Perhaps its because I've always leaned a bit to the left, and have reached the end of my rope with conservative crazies.
>(yes, universal healthcare and free education is easy, stop spending as much on the military as the next top 10 countries combined)
I think this statement further reinforces the GP's point. Simply "stop funding the military" isn't "easy" - and I doubt it is something that can be done over a 4 year term. Most of the military's budget are salaries, not just soldiers but likely millions of factory workers who produce a wide range of products for the military. While the question of "are the products they produce useful" is grey, the fact is you'd have to start by laying off millions of Americans and likely damaging the many smaller towns that have come to depend that income source. While its simple to just state "defund the military" the truth is much more complex and likely an even greater political minefield. If he does win the election, if he were to pull off that move, I doubt he would have the political strength to keep a trajectory going for a second election.
As much as I believe that free education should be a thing, I believe that is also a minefield. How will schools be funded? Does the government pay the inflated tuitions, or do we solve the student loan problem first? Will we be forced to massively scale back the amount of people who attend 4-year schools (currently around 70% in the US vs. 30% in Germany)?
And then to seemingly do this by "just taxing the rich"? It seems that people forget that the President just doesn't wake up one day and decide what to tax people at - it's in part decided by congress (as well as many of the other issues) - and it just seems unlikely that he'll make good on everything he is promising.
Personally, I believe Bernie to be a sound candidate, but um_ya has a point.
> While the question of "are the products they produce useful" is grey, the fact is you'd have to start by laying off millions of Americans and likely damaging the many small towns that have come to depend that income source.
So we get to the crux that a large portion of the US military is a jobs and rural support program. Perhaps we'll start with the albatross that is the Joint Strike Fighter, estimated at costing over a $1 trillion dollars during its lifecycle.
> While its simple to just state "defund the military" the truth is much more complex and likely an even greater political minefield.

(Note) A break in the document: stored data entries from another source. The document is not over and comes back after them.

Lemma finite_to_one_bounded (B : set nat) f K :
  finite_to_one_on B f -> finite_set (B `&` [set x | f x <= K]).
Proof.
move=> fto; elim: K => [|K IH].
  by apply: sub_finite_set (fto 0) => x [Bx fx]; split=> //; apply/eqP; rewrite -leqn0.
have : finite_set ((B `&` [set x | f x <= K]) `|` (B `&` f @^-1` [set K.+1])).
  by rewrite finite_setU.
apply: sub_finite_set => x [Bx /= fx]; move: fx; rewrite leq_eqVlt => /orP[/eqP fx|fx].
  by right.
by left; split; rewrite // -ltnS.
Qed.

Definition thin (A : set nat) : Prop :=
  forall b, 0 < b -> finite_set [set c | A c /\ A (c + b)].

(* For generators c <> b of an IP-set, both c and c + b are finite sums. *)
Lemma thin_not_IP (A : set nat) : thin A -> ~ IP_set A.
Proof.
move=> A_thin [E [E_inf E_FS]].
have [b Eb b_gt0] := (infinite_natP E).1 E_inf 1.
suff : infinite_set [set c | A c /\ A (c + b)] by apply; exact: A_thin.
apply: sub_infinite_set (infinite_setD E_inf (finite_set1 b)) => c [Ec c_neq_b].
split.
  by have := E_FS [:: c] isT isT; rewrite /= addn0; apply=> x; rewrite inE => /eqP ->.
have := E_FS [:: c; b]; rewrite /= addn0; apply=> //.
  by rewrite inE andbT; apply/eqP.
by move=> x; rewrite !inE => /orP[] /eqP ->.
Qed.

(* Beyond doubling growth, the difference of two elements exceeds the smaller. *)
Lemma thin_subset (D : set nat) :
  infinite_set D -> exists A, [/\ A `<=` D, infinite_set A & thin A].
Proof.
move=> D_inf.
have above N : exists x, D x /\ N <= x.
  by have [x Dx Nx] := (infinite_natP D).1 D_inf N; exists x.
have [pick pick_spec] := choice above.
pose fix x k := if k is k'.+1 then pick (x k').*2.+1 else pick 0.
have x_D k : D (x k) by case: k => [|k]; exact: (pick_spec _).1.
have x_gap k : (x k).*2 < x k.+1 := (pick_spec _).2.
have x_incr : {homo x : m n / m < n}.
  by apply: homo_ltn ltn_trans _ => k; have := x_gap k; lia.
have x_ge k : k <= x k by elim: k => // k IH; have := x_gap k; lia.
exists (range x); split.
- by move=> _ [k _ <-].
- by apply/infinite_natP => N; exists (x N); [exists N | exact: x_ge].
move=> b b_gt0; apply: (@bounded_finite_set _ b) => _ [[j _ <-] [i _ x_i]].
have j_lt_i : j < i by rewrite -(leqW_mono (leq_mono x_incr)) x_i; lia.
have : x j.+1 <= x i by rewrite (leq_mono x_incr).
have := x_gap j; lia.
Qed.

Section Capture.

Variables (B : set nat) (f : nat -> nat) (g : nat -> set nat).
Hypotheses (B_AP : AP_set B) (f_fto : finite_to_one_on B f).
Hypothesis g_no_AP : forall j, ~ AP_set (B `&` f @^-1` g j).

Definition stage_AP k M a d : Prop :=
  0 < d /\ forall i, i < k -> [/\ B (a + i * d),
    forall j, j <= k -> ~ g j (f (a + i * d)),
    k + M < f (a + i * d) & f (a + i * d) = f a %[mod k.+1]].

Lemma stage_AP_exists k M : exists ad : nat * nat, stage_AP k M ad.1 ad.2.
Proof.
have B1 := AP_set_setD B_AP (finite_not_AP_set (finite_to_one_bounded (k + M) f_fto)).
have B2 : AP_set [set x | (B `\` [set x | f x <= k + M]) x /\
                          forall j, j < k.+1 -> ~ (f @^-1` g j) x].
  apply: (AP_set_avoid (X := fun j => f @^-1` g j)) B1 _ => j _.
  apply: contra_not (@g_no_AP j); apply: AP_setS => x [[Bx _] gx].
  by split.
have residue x : exists2 r, r < k.+1 & f x %% k.+1 = r.
  by exists (f x %% k.+1); rewrite ?ltn_pmod.
have [r _ /(_ k) [a [d [d_gt0 AP]]]] :=
  AP_set_cover (Q := fun r => [set x | f x %% k.+1 = r]) B2 (fun x _ => residue x).
exists (a, d); split=> //= i ik; have [[[Bx small] avoid] res_i] := AP i ik.
have [_ res_0] := AP 0 (leq_ltn_trans (leq0n i) ik); rewrite mul0n addn0 in res_0.
split; first exact: Bx.
- by move=> j jk; apply: avoid.
- by rewrite ltnNge; apply/negP.
- by rewrite /= res_i res_0.
Qed.

Section Stages.

Variable ap : nat -> nat -> nat * nat.
Hypothesis ap_stage : forall k M, stage_AP k M (ap k M).1 (ap k M).2.

(* level k bounds the f-values of all stages before k; stage k lies above it. *)
Fixpoint level k : nat :=
  if k is k'.+1 then
    maxn (level k') (\max_(i < k') f ((ap k' (level k')).1 + i * (ap k' (level k')).2))
  else 0.

Definition term k i := (ap k (level k)).1 + i * (ap k (level k)).2.

Definition captured : set nat := [set x | exists k i, i < k /\ term k i = x].

Lemma term_stage k i : i < k ->
  [/\ B (term k i), forall j, j <= k -> ~ g j (f (term k i)),
      k + level k < f (term k i) & f (term k i) = f (term k 0) %[mod k.+1]].
Proof.
by move=> ik; have [_ /(_ i ik)] := ap_stage k (level k); rewrite /term mul0n addn0.
Qed.

Lemma f_term_le_level k i : i < k -> f (term k i) <= level k.+1.
Proof.
move=> ik; apply: leq_trans (leq_maxr _ _).
exact: (leq_bigmax (F := fun i : 'I_k => f (term k i)) (Ordinal ik)).
Qed.

Lemma level_mono : {homo level : m n / m <= n}.
Proof. by apply: homo_leq leqnn leq_trans _ => k; exact: leq_maxl. Qed.

Lemma captured_sub : captured `<=` B.
Proof. by move=> _ [k [i [ik <-]]]; have [] := term_stage ik. Qed.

The truth isn't complex, but it is a political quagmire. You need someone with a spine to get the work done.
> As much as I believe that free education should be a thing, I believe that is also a minefield. How will schools be funded? Does the government pay the inflated tuitions, or do we solve the student loan problem first? Will we forced to massively scale back the amount of people who attend 4-year schools (currently around 70% in the US vs. 30% in Germany)?
The cost of education has skyrocketed because the US government backs loans you can't default on, therefore schools raise their rates (which is what happens when demand is inelastic, because you've been told all your life you can't get a well-paying job without a degree, and employers can require a degree without financial cost to them). You apply the same premise Medicare does: If your students don't learn, you don't get paid. We then take a page from the Affordable Care Act and require at least 85-90% of tuition funds to go to actual teaching, and not administration, leisure activities/clubs, and other non-core expenses.

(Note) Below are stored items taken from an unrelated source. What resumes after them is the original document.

(* Let $n\ge1$, $1\le k\le n$ and $p\in[0,1]$. Consider the unordered search problem on an array $\vec{x}=(x_1,\ldots,x_n)$ of $n$ distinct elements where the target $z$ is chosen uniformly at random among the entries of $\vec{x}$. Then any deterministic algorithm that runs in $k$ rounds and succeeds with probability at least $p$ (over the choice of $z$) asks at least $np\bigl(1-\frac{k-1}{2k}p\bigr)-1$ queries in expectation (over the choice of $z$). Moreover, there is a deterministic algorithm for this problem running in $k$ rounds, succeeding with probability at least $p$, that asks at most $np\bigl(1-\frac{k-1}{2k}p\bigr)+1$ queries in expectation.
   Context: Comparison model: the algorithm may only ask an oracle queries ''How is $a$ compared to $b$?'' with $a,b\in\{x_1,\ldots,x_n,z\}$, with answer ''$<$'', ''$=$'' or ''$>$''. The goal is to output the index $\ell$ with $z=x_\ell$. An algorithm runs in $k$ rounds if in each of $k$ rounds it submits a set of queries, chosen depending only on answers from earlier rounds, and then receives all their answers. The query count is the total number of queries asked. *)

From HB Require Import structures.
From mathcomp Require Import all_boot all_order all_algebra.
From mathcomp Require Import reals.
Set Implicit Arguments. Unset Strict Implicit. Unset Printing Implicit Defensive.
Import Order.TTheory GRing.Theory Num.Theory.

(* Items that can be compared: [Some i] is x_i, [None] is the target z. *)
Definition query (n : nat) := (option 'I_n * option 'I_n)%type.

Inductive cmp := CLt | CEq | CGt.

Definition compare_nat (a b : nat) : cmp :=
  if (a < b)%N then CLt else if a == b then CEq else CGt.

(* The array x : 'I_n -> nat (values from a totally ordered set; distinctness
   is imposed as injectivity in the theorem) and the target z = x_l. *)
Definition value n (x : 'I_n -> nat) (l : 'I_n) (a : option 'I_n) : nat :=
  match a with None => x l | Some i => x i end.

Definition answer n (x : 'I_n -> nat) (l : 'I_n) (q : query n) : cmp :=
  compare_nat (value x l q.1) (value x l q.2).

Definition transcript n := seq (query n * cmp).

(* A deterministic round-based algorithm: in round r (0-based) it submits the
   set of queries [alg_queries r T], a function of the answers T obtained in
   earlier rounds; finally it outputs an index from all answers. *)
Record algorithm (n : nat) := Algorithm {
  alg_queries : nat -> transcript n -> {set query n};
  alg_output : transcript n -> 'I_n }.

Fixpoint run n (A : algorithm n) (x : 'I_n -> nat) (l : 'I_n) (r : nat)
  : transcript n :=
  match r with
  | 0 => [::]
  | r'.+1 =>
      let T := run A x l r' in
      T ++ [seq (q, answer x l q) | q <- enum (alg_queries A r' T)]
  end.

Definition num_queries n (A : algorithm n) k x l : nat := size (run A x l k).

Definition correct n (A : algorithm n) k x l : bool :=
  alg_output A (run A x l k) == l.

Local Open Scope ring_scope.

Definition succ_prob (R : realType) n (A : algorithm n) k (x : 'I_n -> nat) : R :=
  #|[set l : 'I_n | correct A k x l]|%:R / n%:R.

Definition exp_queries (R : realType) n (A : algorithm n) k (x : 'I_n -> nat) : R :=
  (\sum_(l : 'I_n) (num_queries A k x l)%:R) / n%:R.

From Pilot Require Import Defs.
From HB Require Import structures.
From mathcomp Require Import all_boot all_order all_algebra.
From mathcomp Require Import reals.
From mathcomp Require Import zify ring lra.
Import Order.TTheory GRing.Theory Num.Theory.
Set Implicit Arguments. Unset Strict Implicit. Unset Printing Implicit Defensive.

(* Lower bound: an adversary answers a round only after revealing, for each
   query of the round whose answer is not yet forced, one new position; the
   revealed positions get the smallest values and the target lies above them.
   For every target outside the set B_s revealed before round s, the run then
   follows the adversary's transcript up to round s.  Hence the algorithm is
   correct on at most |B_k| + 1 targets, and each of the n - |B_s| targets
   outside B_s pays for all queries of round s, at least |B_(s+1)| - |B_s| of
   them.  Telescoping and Cauchy-Schwarz on these increments bound the total
   below by n b - (k-1)/(2k) b^2 with b = |B_k| >= pn - 1.
   Upper bound: with m = ceil(pn), compare z with x_i for i < m in round
   i mod k, until z is found; the residue classes mod k of [0, m) have sizes
   differing by at most one, which gives the matching count. *)

Section QuadraticBounds.
Variable R : realFieldType.
Local Open Scope ring_scope.

Lemma sqr_sum_le (k : nat) (d : nat -> R) :
  (\sum_(s < k) d s) ^+ 2 <= k%:R * \sum_(s < k) d s ^+ 2.
Proof.
case: (posnP k) => [-> | k_gt0]; first by rewrite !big_ord0 expr0n mul0r.
set S := \sum_(s < k) d s; set Q := \sum_(s < k) d s ^+ 2.
have expand : \sum_(s < k) (k%:R * d s - S) ^+ 2 = k%:R * (k%:R * Q - S ^+ 2).
  under eq_bigr do rewrite sqrrB exprMn.
  rewrite big_split sumrB /= -!mulr_sumr.
  rewrite sumrMnl -!mulr_suml -mulr_sumr sumr_const card_ord -/S -/Q.
  ring.
have : 0 <= k%:R * (k%:R * Q - S ^+ 2) by rewrite -expand sumr_ge0 // => s _; exact: sqr_ge0.
by rewrite pmulr_rge0 ?ltr0n // subr_ge0.
Qed.

Lemma sum_telescope (k : nat) (e : nat -> R) :
  \sum_(s < k) (e s.+1 - e s) = e k - e 0%N.
Proof. by rewrite -(big_mkord xpredT (fun s => e s.+1 - e s)) telescope_sumr. Qed.

Lemma sum_telescope_sqr (k : nat) (e : nat -> R) :
  2 * \sum_(s < k) (e s.+1 - e s) * e s + \sum_(s < k) (e s.+1 - e s) ^+ 2
    = e k ^+ 2 - e 0%N ^+ 2.
Proof.
rewrite mulr_sumr -big_split -(sum_telescope k (fun s => e s ^+ 2)) /=.
by apply: eq_bigr => s _; ring.
Qed.

Lemma sum_increments_slack_ge (k : nat) (n : R) (e : nat -> R) : e 0%N = 0 ->
  2 * k%:R * n * e k - (k%:R - 1) * e k ^+ 2
    <= 2 * k%:R * \sum_(s < k) (e s.+1 - e s) * (n - e s).
Proof.
move=> e0.
have split_sum : \sum_(s < k) (e s.+1 - e s) * (n - e s)
    = n * e k - \sum_(s < k) (e s.+1 - e s) * e s.
  under eq_bigr do rewrite mulrBr.
  by rewrite sumrB -mulr_suml sum_telescope e0 subr0 mulrC.
have := sum_telescope_sqr k e; have := sqr_sum_le k (fun s => e s.+1 - e s).
rewrite split_sum sum_telescope e0 expr0n subr0 subr0 /= => cauchy_schwarz tele.
have := congr1 (GRing.mul k%:R) tele; nra.
Qed.

Definition scaled_bound (k n t : R) : R := 2 * k * n * t - (k - 1) * t ^+ 2.

Lemma scaled_boundE (k n p c : R) : k != 0 ->
  2 * k * ((n * p * (1 - (k - 1) / (2 * k) * p) + c) * n)
    = scaled_bound k n (n * p) + 2 * k * n * c.
Proof. by move=> k0; rewrite /scaled_bound; field. Qed.

Lemma scaled_bound_shift (k n s t : R) : 1 <= k ->
  0 <= s <= n -> 0 <= t <= n -> t <= s + 1 ->
  scaled_bound k n t <= scaled_bound k n s + 2 * k * n.
Proof.
rewrite /scaled_bound => k1 /andP [s0 sn] /andP [t0 tn] ts.
have slope : 0 <= 2 * k * n - (k - 1) * (t + s) by nra.
have -> : 2 * k * n * t - (k - 1) * t ^+ 2
    = 2 * k * n * s - (k - 1) * s ^+ 2 + (t - s) * (2 * k * n - (k - 1) * (t + s)) by ring.
rewrite lerD2l; case: (lerP t s) => [le_ts | lt_st].
  by apply: le_trans (_ : 0 <= _); [apply: mulr_le0_ge0; lra | nra].
apply: le_trans (_ : 1 * (2 * k * n - (k - 1) * (t + s)) <= _); last by nra.
by apply: ler_wpM2r => //; lra.
Qed.

Lemma scaled_bound_ceil (k n m u : R) : 1 <= k -> 0 <= u -> m <= n -> u <= m < u + 1 ->
  scaled_bound k n m + (k - 1) * m <= scaled_bound k n u + 2 * k * n.
Proof.
rewrite /scaled_bound => k1 u0 mn /andP [um mu].
have slope : 0 <= 2 * k * n - (k - 1) * (u + m) by nra.
have -> : 2 * k * n * m - (k - 1) * m ^+ 2
    = 2 * k * n * u - (k - 1) * u ^+ 2 + (m - u) * (2 * k * n - (k - 1) * (u + m)) by ring.
nra.
Qed.

End QuadraticBounds.

Lemma compare_nat_lt a b : a < b -> Defs.compare_nat a b = CLt.
Proof. by rewrite /Defs.compare_nat => ->. Qed.

Lemma compare_nat_gt a b : b < a -> Defs.compare_nat a b = CGt.
Proof. by rewrite /Defs.compare_nat => lt_ba; rewrite ltnNge ltnW //= gtn_eqF. Qed.

Lemma compare_nat_refl a : Defs.compare_nat a a = CEq.
Proof. by rewrite /Defs.compare_nat ltnn eqxx. Qed.

Lemma compare_nat_eq a b : Defs.compare_nat a b = CEq -> a = b.
Proof. by rewrite /Defs.compare_nat; case: ltnP => // _; case: eqP. Qed.

Lemma size_run n (A : algorithm n) x l r :
  size (run A x l r) = \sum_(s < r) #|alg_queries A s (run A x l s)|.
Proof.
elim: r => [|r IH]; first by rewrite big_ord0.
by rewrite big_ord_recr /= size_cat size_map -cardE IH.
Qed.

Section Adversary.
Variables (n : nat) (A : algorithm n).

(* The array the adversary commits to once B lists the positions it has
   revealed: these get the smallest values, in order of revelation. *)
Definition adv_value (B : seq 'I_n) (i : 'I_n) : nat :=
  if i \in B then index i B else size B + i.

(* While B is revealed the target is answered as lying above every position. *)
Definition adv_item (B : seq 'I_n) (a : option 'I_n) : nat :=
  if a is Some i then adv_value B i else size B + n.

Definition adv_answer (B : seq 'I_n) (q : query n) : cmp :=
  Defs.compare_nat (adv_item B q.1) (adv_item B q.2).

(* The answer to q is the same for every extension of B and target outside B. *)
Definition settled (B : seq 'I_n) (q : query n) : bool :=
  match q with
  | (Some i, None) | (None, Some i) => i \in B
  | (Some i, Some j) => (i \in B) || (j \in B) || (i == j)
  | (None, None) => true
  end.

Definition reveal (B : seq 'I_n) (q : query n) : seq 'I_n :=
  if settled B q then B else
  match q with
  | (Some i, _) | (None, Some i) => rcons B i
  | (None, None) => B
  end.

Fixpoint adversary (r : nat) : transcript n * seq 'I_n :=
  if r is r'.+1 then
    let qs := enum (alg_queries A r' (adversary r').1) in
    let B := foldl reveal (adversary r').2 qs in
    ((adversary r').1 ++ [seq (q, adv_answer B q) | q <- qs], B)
  else ([::], [::]).

Definition revealed (r : nat) : seq 'I_n := (adversary r).2.

Lemma adv_value_inj B : injective (adv_value B).
Proof.
move=> i j; rewrite /adv_value; case iB: (i \in B); case jB: (j \in B).
- by move/index_inj; apply.
- by move=> eq_ij; have := index_mem i B; rewrite iB eq_ij ltnNge leq_addr.
- by move=> eq_ij; have := index_mem j B; rewrite jB -eq_ij ltnNge leq_addr.
- by move/addnI/val_inj.
Qed.

Lemma adv_value_in B t i : i \in B ->
  adv_value (B ++ t) i = adv_value B i /\ adv_value B i < size B.
Proof.
by move=> iB; rewrite /adv_value mem_cat iB /= index_cat iB index_mem.
Qed.

Lemma adv_value_notin B t i : i \notin B ->
  size B <= adv_value (B ++ t) i /\ size B <= adv_value B i.
Proof.
move=> /negbTE iB; rewrite /adv_value mem_cat iB /= index_cat iB leq_addr.
by case: ifP => _; rewrite ?leq_addr // size_cat -addnA leq_addr.
Qed.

> And then to seemingly do this by "just taxing the rich"? It seems that people forget that the President just doesn't wake up one day and decide what to tax people at - it's in part decided by congress (as well as many of the other issues) - and it just seems unlikely that he'll make good on everything he is promising.
Yes. I want a democratic candidate who is willing to call out Congress. Sanders is the only candidate with the character to do this.
> Personally, I believe Bernie to be a sound candidate, but um_ya has a point.
Of course he's a sound candidate. And no, um_ya has no point.
>You need someone with a spine to get the work done.
You are right, the issues are mostly political and I'd be ecstatic to see it get done. However, given that after Obama's 8 year legacy we got a massively watered down public healthcare plan - I'd like to see a plan other than "we are going to get free education, everyone else be damned". To me its no different than the GOPs "We are going to make abortions illegal, or we will shut down the government." I just don't see how its "easy" to defund the MI complex in 4 years.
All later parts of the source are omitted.